# Durhamtown ManVenture (VIDEO)



## Sterling (Jan 25, 2015)

Our church's men's ministry offered a dirt bike or 4 wheeler adventure to Durhamtown Plantation this past weekend.  Wet and muddy mixed with a ton of fun.  Everyone came back in one piece although we did have a few spills and one tree that jumped in the way.  A great time of fellowship was had by all.


----------



## wvdawg (Jan 25, 2015)

Nice job on the video!  Made me wish I was there.  Hope that camera survived the mud!  Made me hungry too with all that food!
Good job!


----------



## Milkman (Jan 25, 2015)

Looks like yall were there Friday and Saturday. Im sure it was a blast.
 I was there Saturday with some of my family.   We had 3 atvs and a Kawasaki mule.  Im sure we left there with 200 lbs or Greene County clay on our rides.  It was a fun day. 

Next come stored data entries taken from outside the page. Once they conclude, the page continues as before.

(* Let $n\ge1$ and $\boldsymbol x=(x_1,\dots,x_n)\in\mathbb C^n$ with pairwise distinct components. Let $\sigma_{l,d}$ (resp. $\sigma_d$) be the elementary symmetric polynomial of degree $d$ in $x_1,\dots,\widehat{x_l},\dots,x_n$ (resp. in $x_1,\dots,x_n$), with $\sigma_0=1$, and let $\tau_l=\prod_{h\neq l}(x_l-x_h)$. Let $\Sigma=(\sigma_{l,n-j})_{l,j=1}^n$, $X=\mathrm{diag}(x_l)_{l=1}^n$, $T=\mathrm{diag}(\tau_l^{-1})_{l=1}^n$. Then for every $r\in\{0,1,\dots,n\}$, $${}^t\Sigma\,X^rT\,\Sigma=\begin{pmatrix}(-1)^{n-r}A&0\\0&(-1)^{n-r+1}B\end{pmatrix},$$ where $A$ is the $r\times r$ matrix with $(k,j)$-entry $a_{k,j}=\sigma_{n+r-k-j+1}$ if $k+j\ge r+1$ and $0$ otherwise, and $B$ is the $(n-r)\times(n-r)$ matrix with $(k,j)$-entry $b_{k,j}=\sigma_{n-r-k-j+1}$ if $k+j\le n-r+1$ and $0$ otherwise.
   Context: ${}^t\Sigma$ denotes the transpose of $\Sigma$. *)

From mathcomp Require Import all_boot all_algebra.
From mathcomp Require Import complex.
From mathcomp Require Import reals Rstruct.
Set Implicit Arguments. Unset Strict Implicit. Unset Printing Implicit Defensive.
Import GRing.Theory Num.Theory.
Local Open Scope ring_scope.

Definition C : numClosedFieldType := (Rdefinitions.R)[i].

Definition esymx n (x : 'I_n -> C) (d : nat) : C :=
  \sum_(I : {set 'I_n} | #|I| == d) \prod_(i in I) x i.

Definition esymx_omit n (x : 'I_n -> C) (l : 'I_n) (d : nat) : C :=
  \sum_(I : {set 'I_n} | (#|I| == d) && (l \notin I)) \prod_(i in I) x i.

Definition tau n (x : 'I_n -> C) (l : 'I_n) : C :=
  \prod_(h < n | h != l) (x l - x h).

(* Sigma = (sigma_{l, n-j})_{l,j=1..n}; with 0-based l', j' : sigma_{l', n-1-j'} *)
Definition SigmaM n (x : 'I_n -> C) : 'M[C]_n :=
  \matrix_(l < n, j < n) esymx_omit x l (n - j.+1).

Definition XM n (x : 'I_n -> C) : 'M[C]_n := diag_mx (\row_l x l).

Definition TM n (x : 'I_n -> C) : 'M[C]_n := diag_mx (\row_l (tau x l)^-1).

Definition AM n (x : 'I_n -> C) (r : nat) : 'M[C]_r :=
  \matrix_(k < r, j < r)
    if (r.+1 <= k.+1 + j.+1)%N then esymx x (n + r + 1 - (k.+1 + j.+1))%N else 0.

Definition BM n (x : 'I_n -> C) (r : nat) : 'M[C]_(n - r) :=
  \matrix_(k < n - r, j < n - r)
    if (k.+1 + j.+1 <= (n - r).+1)%N then esymx x ((n - r).+1 - (k.+1 + j.+1))%N else 0.

Definition blockdiag n r (hr : (r <= n)%N) (P : 'M[C]_r) (Q : 'M[C]_(n - r)) : 'M[C]_n :=
  castmx (subnKC hr, subnKC hr) (block_mx P 0 0 Q).

(* Let g_l = prod_(h <> l) (X - x_h), f = prod_h (X - x_h), and G the matrix of
   coefficients of the g_l, so that Sigma = G D for the sign matrix
   D = diag((-1)^(n-j)).  Since g_l(x_m) = [l = m] tau_l, the Vandermonde matrix V
   satisfies G V = T^-1, hence V T G = 1.  Writing f = (X - x_m) g_m, a telescoping
   sum gives V^T N = X^r G, where N is the symmetric Hankel-type matrix with entries
   -f_(i+j+1-r) on the upper r x r block, f_(i+j+1-r) on the lower block and 0
   elsewhere.  Therefore G^T X^r T G = N^T V T G = N, and D N D is the stated block
   matrix once the coefficients of f are written as signed sigma_d. *)

From mathcomp Require Import all_boot all_algebra.
From mathcomp Require Import complex.
From mathcomp Require Import reals Rstruct.
From mathcomp Require Import zify.
Set Implicit Arguments. Unset Strict Implicit. Unset Printing Implicit Defensive.
Import GRing.Theory Num.Theory.
Local Open Scope ring_scope.

Lemma signr_eq (R : pzRingType) (a b : nat) :
  ~~ odd (a + b) -> (-1) ^+ a = (-1) ^+ b :> R.
Proof. by rewrite oddD negb_add => /eqP ab; rewrite -signr_odd ab signr_odd. Qed.

Lemma mulr_sign_sandwich (R : comPzRingType) a b c d (e : R) :
  ~~ odd (a + b + c + d) -> (-1) ^+ a * ((-1) ^+ b * e) * (-1) ^+ c = (-1) ^+ d * e.
Proof.
move=> odd_abcd; rewrite mulrC !mulrA -!exprD; congr (_ * _).
by apply: signr_eq; lia.
Qed.

Section ProdXsubCOn.
Variables (R : comNzRingType) (I : finType) (x : I -> R).

Definition esym_on (S : {set I}) (d : nat) : R :=
  \sum_(J : {set I} | (J \subset S) && (#|J| == d)) \prod_(i in J) x i.

Definition prod_XsubC_on (S : {set I}) : {poly R} :=
  \prod_(h in S) ('X - (x h)%:P).

Lemma prod_XsubC_on_expand S :
  prod_XsubC_on S = \sum_(J : {set I} | J \subset S)
    ((-1) ^+ #|J| * \prod_(i in J) x i)%:P * 'X^(#|S| - #|J|).
Proof.
pose F h b : {poly R} := if b then - (x h)%:P else 'X.
have -> : prod_XsubC_on S = \prod_h (F h true *+ (h \in S) + F h false ^+ (h \in S)).
  rewrite /prod_XsubC_on big_mkcond; apply: eq_bigr => h _.
  by case: (h \in S); rewrite ?mulr0n ?add0r // addrC.
rewrite bigA_distr (bigID (fun J : {set I} => J \subset S)) /=.
rewrite [X in _ + X]big1 ?addr0 => [|J /subsetPn [h hJ hS]]; last first.
  by rewrite (bigD1 h) //= hJ (negbTE hS) mulr0n mul0r.
apply: eq_bigr => J JS; rewrite (bigID (mem J)) /=; congr (_ * _).
  rewrite (eq_bigr (fun h => (- x h)%:P)) => [|h hJ]; last first.
    by rewrite hJ (subsetP JS h hJ) polyCN.
  by rewrite -rmorph_prod prodrN.
rewrite (eq_bigr (fun h => if h \in S then 'X else 1)) => [|h /negbTE hJ]; last first.
  by rewrite hJ; case: (h \in S).
rewrite -big_mkcondr (eq_bigl (mem (S :\: J))) => [|h]; last by rewrite !inE andbC.
by rewrite prodr_const cardsD (setIidPr JS).
Qed.

Lemma coef_prod_XsubC_on S k :
  (prod_XsubC_on S)`_k =
    if (k <= #|S|)%N then (-1) ^+ (#|S| - k) * esym_on S (#|S| - k) else 0.
Proof.
rewrite prod_XsubC_on_expand coef_sum.
under eq_bigr do rewrite coefCM coefXn mulr_natr mulrb.
rewrite -big_mkcondr /=; case: leqP => [le_kS | lt_Sk]; last first.
  by rewrite big1 // => J /andP [_ /eqP]; lia.
rewrite /esym_on mulr_sumr; apply: eq_big => [J | J /andP [JS /eqP kE]].
  case: (boolP (J \subset S)) => //= /subset_leq_card JS.
  by apply/eqP/eqP; lia.
by move: (subset_leq_card JS) => ?; congr (_ ^+ _ * _); lia.
Qed.

Lemma horner_prod_XsubC_on S y : (prod_XsubC_on S).[y] = \prod_(h in S) (y - x h).
Proof. by rewrite horner_prod; under eq_bigr do rewrite hornerXsubC. Qed.

Lemma size_prod_XsubC_on S : size (prod_XsubC_on S) = #|S|.+1.
Proof. by rewrite /prod_XsubC_on -big_enum size_prod_XsubC cardE. Qed.

Lemma prod_XsubC_onD1 (S : {set I}) l : l \in S ->
  prod_XsubC_on S = ('X - (x l)%:P) * prod_XsubC_on (S :\ l).
Proof. by move=> lS; rewrite /prod_XsubC_on (big_setD1 l lS). Qed.

End ProdXsubCOn.

Section SplitHankel.
Variable R : comNzRingType.

(* ('X^r * p)`_(i + j).+1 is p`_(i + j + 1 - r), and 0 when i + j + 1 < r. *)
Definition split_hankel (r : nat) (p : {poly R}) (i j : nat) : R :=
  let c := ('X^r * p)`_(i + j).+1 in
  if ((i < r) && (j < r))%N then - c else if ((r <= i) && (r <= j))%N then c else 0.

Lemma split_hankelC r p i j : split_hankel r p i j = split_hankel r p j i.
Proof. by rewrite /split_hankel addnC andbC [((r <= j) && _)%N]andbC. Qed.

Lemma coef_XsubC_mul (y : R) (q : {poly R}) k :
  (('X - y%:P) * q)`_k.+1 = q`_k - y * q`_k.+1.
Proof. by rewrite mulrBl coefB coefXM coefCM. Qed.

Lemma sum_split_hankel_XsubC (g : {poly R}) (y : R) n r j :
  (r <= n)%N -> (size g <= n)%N ->
  \sum_(i < n) y ^+ i * split_hankel r (('X - y%:P) * g) i j = y ^+ r * g`_j.
Proof.
(* With h = 'X^r * g the summands are F i - F i.+1; F 0 = 0 since j < r in the
   upper block, and F n = 0 by the degree bound on g in the lower block. *)
move=> le_rn szg; set h := 'X^r * g; pose F i := y ^+ i * h`_(i + j).
have step i : y ^+ i * ('X^r * (('X - y%:P) * g))`_(i + j).+1 = F i - F i.+1.
  by rewrite mulrCA coef_XsubC_mul mulrBr mulrA -exprSr.
have Fr : F r = y ^+ r * g`_j by rewrite /F coefXnM ltnNge leq_addr addKn.
rewrite -(big_mkord xpredT (fun i => y ^+ i * split_hankel r (('X - y%:P) * g) i j)).
rewrite (big_cat_nat (leq0n r) le_rn) /=.
rewrite big_nat_cond [X in _ + X]big_nat_cond /split_hankel.
case: (ltnP j r) => [lt_jr | le_rj].
  rewrite [X in _ + X]big1 ?addr0 => [|i /andP [/andP [le_ri _] _]]; last first.
    by rewrite !ifN ?mulr0 //; lia.
  rewrite (eq_bigr (fun i => F i.+1 - F i)) => [|i /andP [/andP [_ lt_ir] _]].
    by rewrite -big_nat_cond telescope_sumr // Fr /F add0n coefXnM lt_jr mulr0 subr0.
  by rewrite lt_ir mulrN step opprB.
rewrite [X in X + _]big1 ?add0r => [|i /andP [/andP [_ lt_ir] _]]; last first.
  by rewrite !ifN ?mulr0 //; lia.
rewrite (eq_bigr (fun i => - (F i.+1 - F i))) => [|i /andP [/andP [le_ri _] _]].
  rewrite sumrN -big_nat_cond telescope_sumr // opprB Fr /F coefXnM ltnNge.
  rewrite (leq_trans le_rn (leq_addr _ _)) /=.
  rewrite [g`_(n + j - r)]nth_default ?mulr0 ?subr0 //.
  by rewrite (leq_trans szg) // -addnBA // leq_addr.
by rewrite ltnNge le_ri /= step opprB.
Qed.

End SplitHankel.

Lemma eq_blockdiag n r (hr : (r <= n)%N) (A : 'M[C]_r) (B : 'M[C]_(n - r))
    (M : 'M[C]_n) :
  (forall (i j : 'I_n) (i' j' : 'I_r), i = i' :> nat -> j = j' :> nat ->
     M i j = A i' j') ->
  (forall (i j : 'I_n) (i' j' : 'I_(n - r)),
     i = (r + i')%N :> nat -> j = (r + j')%N :> nat -> M i j = B i' j') ->
  (forall i j : 'I_n, (i < r)%N != (j < r)%N -> M i j = 0) ->
  M = blockdiag hr A B.
Proof.
move=> MA MB M0; apply/matrixP => i j; rewrite /blockdiag castmxE /block_mx !mxE.
case: (splitP (cast_ord _ i)) => i' /= Hi; rewrite mxE;
  case: (splitP (cast_ord _ j)) => j' /= Hj; rewrite ?mxE.
- exact: MA.
- apply: M0; move: (ltn_ord i'); lia.
- apply: M0; move: (ltn_ord j'); lia.
- exact: MB.
Qed.

Section SymmetricFunctionMatrices.
Variables (n : nat) (x : 'I_n -> C).

Local Notation f := (prod_XsubC_on x setT).
Local Notation g l := (prod_XsubC_on x [set~ l]).

Lemma coef_prod_XsubC_all k :
  f`_k = if (k <= n)%N then (-1) ^+ (n - k) * esymx x (n - k) else 0.
Proof.
rewrite coef_prod_XsubC_on cardsT card_ord /esymx /esym_on.
by under eq_bigl do rewrite subsetT.
Qed.

Lemma coef_prod_XsubC_omit l j : (j < n)%N ->
  (g l)`_j = (-1) ^+ (n - j.+1) * esymx_omit x l (n - j.+1).
Proof.
move=> lt_jn; rewrite coef_prod_XsubC_on cardsC1 card_ord ifT; last lia.
rewrite /esymx_omit /esym_on; have -> : (n.-1 - j = n - j.+1)%N by lia.
congr (_ * _); apply: eq_bigl => J.
by rewrite subsetC sub1set inE andbC.
Qed.

Lemma size_prod_XsubC_omit l : (size (g l) <= n)%N.
Proof. by rewrite size_prod_XsubC_on cardsC1 card_ord; case: n l => [[]|]. Qed.

Lemma horner_prod_XsubC_omit l m :
  (g l).[x m] = if l == m then tau x l else 0.
Proof.
rewrite horner_prod_XsubC_on; case: eqP => [<- | /eqP ne_lm].
  by apply: eq_bigl => h; rewrite !inE.
by rewrite (bigD1 m) ?inE 1?eq_sym //= subrr mul0r.
Qed.

Definition omit_coef_mx : 'M[C]_n := \matrix_(l, j) (g l)`_j.

Definition alt_sign_mx : 'M[C]_n := diag_mx (\row_(j < n) (-1) ^+ (n - j.+1)).

Definition vandermonde_x : 'M[C]_n := Vandermonde n (\row_l x l).

Definition split_hankel_mx r : 'M[C]_n := \matrix_(i, j) split_hankel r f i j.

Lemma SigmaM_alt_sign : SigmaM x = omit_coef_mx *m alt_sign_mx.
Proof.
apply/matrixP => l j; rewrite mul_mx_diag !mxE coef_prod_XsubC_omit //.
by rewrite mulrC mulrA -exprD (@signr_eq _ _ 0) ?mul1r //; lia.
Qed.

Lemma XM_exp r : XM x ^+ r = diag_mx (\row_l x l ^+ r).
Proof.
elim: r => [|r IHr]; first by apply/matrixP => i j; rewrite !mxE.
rewrite exprS IHr -mulmxE mulmx_diag; congr diag_mx.
by apply/rowP => l; rewrite !mxE exprS.
Qed.

Lemma omit_coef_mx_vandermonde :
  omit_coef_mx *m vandermonde_x = diag_mx (\row_l tau x l).
Proof.
apply/matrixP => l m; rewrite !mxE mulrb -horner_prod_XsubC_omit.
rewrite (horner_coef_wide _ (size_prod_XsubC_omit l)); apply: eq_bigr => j _.
by rewrite !mxE.
Qed.

Lemma tau_neq0 l : injective x -> tau x l != 0.
Proof.
move=> inj_x; apply/prodf_neq0 => h ne_hl; rewrite subr_eq0.
by apply: contra ne_hl => /eqP/inj_x ->.
Qed.

Lemma vandermonde_inverse : injective x ->
  vandermonde_x *m TM x *m omit_coef_mx = 1%:M.
Proof.
move=> inj_x; apply: mulmx1C; rewrite mulmxA omit_coef_mx_vandermonde mulmx_diag.
rewrite -diag_const_mx; congr diag_mx; apply/rowP => l.
by rewrite !mxE divff // tau_neq0.
Qed.

Lemma vandermonde_split_hankel r : (r <= n)%N ->
  vandermonde_x^T *m split_hankel_mx r = diag_mx (\row_l x l ^+ r) *m omit_coef_mx.
Proof.
move=> le_rn; apply/matrixP => m j; rewrite mul_diag_mx !mxE.
under eq_bigr do rewrite !mxE.
rewrite [prod_XsubC_on x setT](prod_XsubC_onD1 _ (in_setT m)) setTD.
exact: sum_split_hankel_XsubC (size_prod_XsubC_omit m).
Qed.

Lemma split_hankel_mx_tr r : (split_hankel_mx r)^T = split_hankel_mx r.
Proof. by apply/matrixP => i j; rewrite !mxE split_hankelC. Qed.

Lemma omit_coef_mx_congruence r : injective x -> (r <= n)%N ->
  omit_coef_mx^T *m diag_mx (\row_l x l ^+ r) *m TM x *m omit_coef_mx =
  split_hankel_mx r.
Proof.
move=> inj_x le_rn.
have -> : omit_coef_mx^T *m diag_mx (\row_l x l ^+ r) =
    (diag_mx (\row_l x l ^+ r) *m omit_coef_mx)^T by rewrite trmx_mul tr_diag_mx.
rewrite -vandermonde_split_hankel // trmx_mul trmxK split_hankel_mx_tr.
by rewrite -!mulmxA [vandermonde_x *m _]mulmxA vandermonde_inverse // mulmx1.
Qed.

Lemma alt_sign_split_hankel r (hr : (r <= n)%N) :
  alt_sign_mx *m split_hankel_mx r *m alt_sign_mx =
  blockdiag hr ((-1) ^+ (n - r) *: AM x r) ((-1) ^+ (n - r + 1) *: BM x r).
Proof.
apply: eq_blockdiag => [i j i' j' ii' jj' | i j i' j' ii' jj' | i j ne_ij].
all: rewrite mul_mx_diag mul_diag_mx !mxE /split_hankel.
- have lt_ir := ltn_ord i'; have lt_jr := ltn_ord j'.
  rewrite ii' jj' lt_ir lt_jr /= coefXnM coef_prod_XsubC_all.
  case: (ltnP (i' + j').+1 r) => [lt_r | le_r].
    by rewrite ifN ?oppr0 ?mulr0 ?mul0r //; lia.
  rewrite !ifT; try lia.
  have -> : (n - ((i' + j').+1 - r) = n + r + 1 - (i'.+1 + j'.+1))%N by lia.
  rewrite -mulNr -[- (-1) ^+ _]mulN1r -exprS; apply: mulr_sign_sandwich; lia.
- have lt_inr := ltn_ord i'; have lt_jnr := ltn_ord j'.
  rewrite ii' jj' [in LHS]ifN ?[in LHS]ifT ?coefXnM ?[in LHS]ifN; try lia.
  rewrite coef_prod_XsubC_all.
  case: (leqP (i'.+1 + j'.+1) (n - r).+1) => [le_ij | lt_ij].
    rewrite !ifT; try lia.
    have -> : (n - ((r + i' + (r + j')).+1 - r) = (n - r).+1 - (i'.+1 + j'.+1))%N by lia.
    apply: mulr_sign_sandwich; lia.
  by rewrite !ifN ?mulr0 ?mul0r //; lia.
- by rewrite !ifN ?mulr0 ?mul0r //; lia.
Qed.

End SymmetricFunctionMatrices.

Theorem lemma7p3 (n : nat) (hn : (1 <= n)%N) (x : 'I_n -> C) (hx : injective x)
  (r : nat) (hr : (r <= n)%N) :
  (SigmaM x)^T *m (XM x ^+ r *m TM x) *m SigmaM x =
  blockdiag hr ((-1) ^+ (n - r) *: AM x r) ((-1) ^+ (n - r + 1) *: BM x r).
Proof.
rewrite -(alt_sign_split_hankel x hr) -(omit_coef_mx_congruence hx hr).
rewrite SigmaM_alt_sign XM_exp trmx_mul [(alt_sign_mx _)^T]tr_diag_mx.
by rewrite !mulmxA.
Qed.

It was muddy.  It took me about 2 hours to make my Arctic Cat be green again this morning.


----------



## Sterling (Jan 25, 2015)

wvdawg said:


> Nice job on the video!  Made me wish I was there.  Hope that camera survived the mud!  Made me hungry too with all that food!
> Good job!



The camera did okay, but my buddy had his bell rung pretty good.  You're not joking about the food.  I think I came back a few pounds heavier, but happier as well!



Milkman said:


> Looks like yall were there Friday and Saturday. Im sure it was a blast.
> I was there Saturday with some of my family.   We had 3 atvs and a Kawasaki mule.  Im sure we left there with 200 lbs or Greene County clay on our rides.  It was a fun day.
> 
> It was muddy.  It took me about 2 hours to make my Arctic Cat be green again this morning.



You are right, it was muddy.  Took me a while to get the mud of my rental and my rain suit.  Ton of fun though.  Glad you all got to enjoy it too!


----------



## Ajohnson0587 (Jan 25, 2015)

I love going to DurhamTown, my Jeep sees a lot of time there


----------



## Sterling (Jan 25, 2015)

Ajohnson0587 said:


> I love going to DurhamTown, my Jeep sees a lot of time there



We watched a few jeeps and 4runners on the obstacle course next to Mike's house.  That was wild!


----------



## 308-MIKE (Mar 24, 2015)

I used to hunt out there. Great place.


----------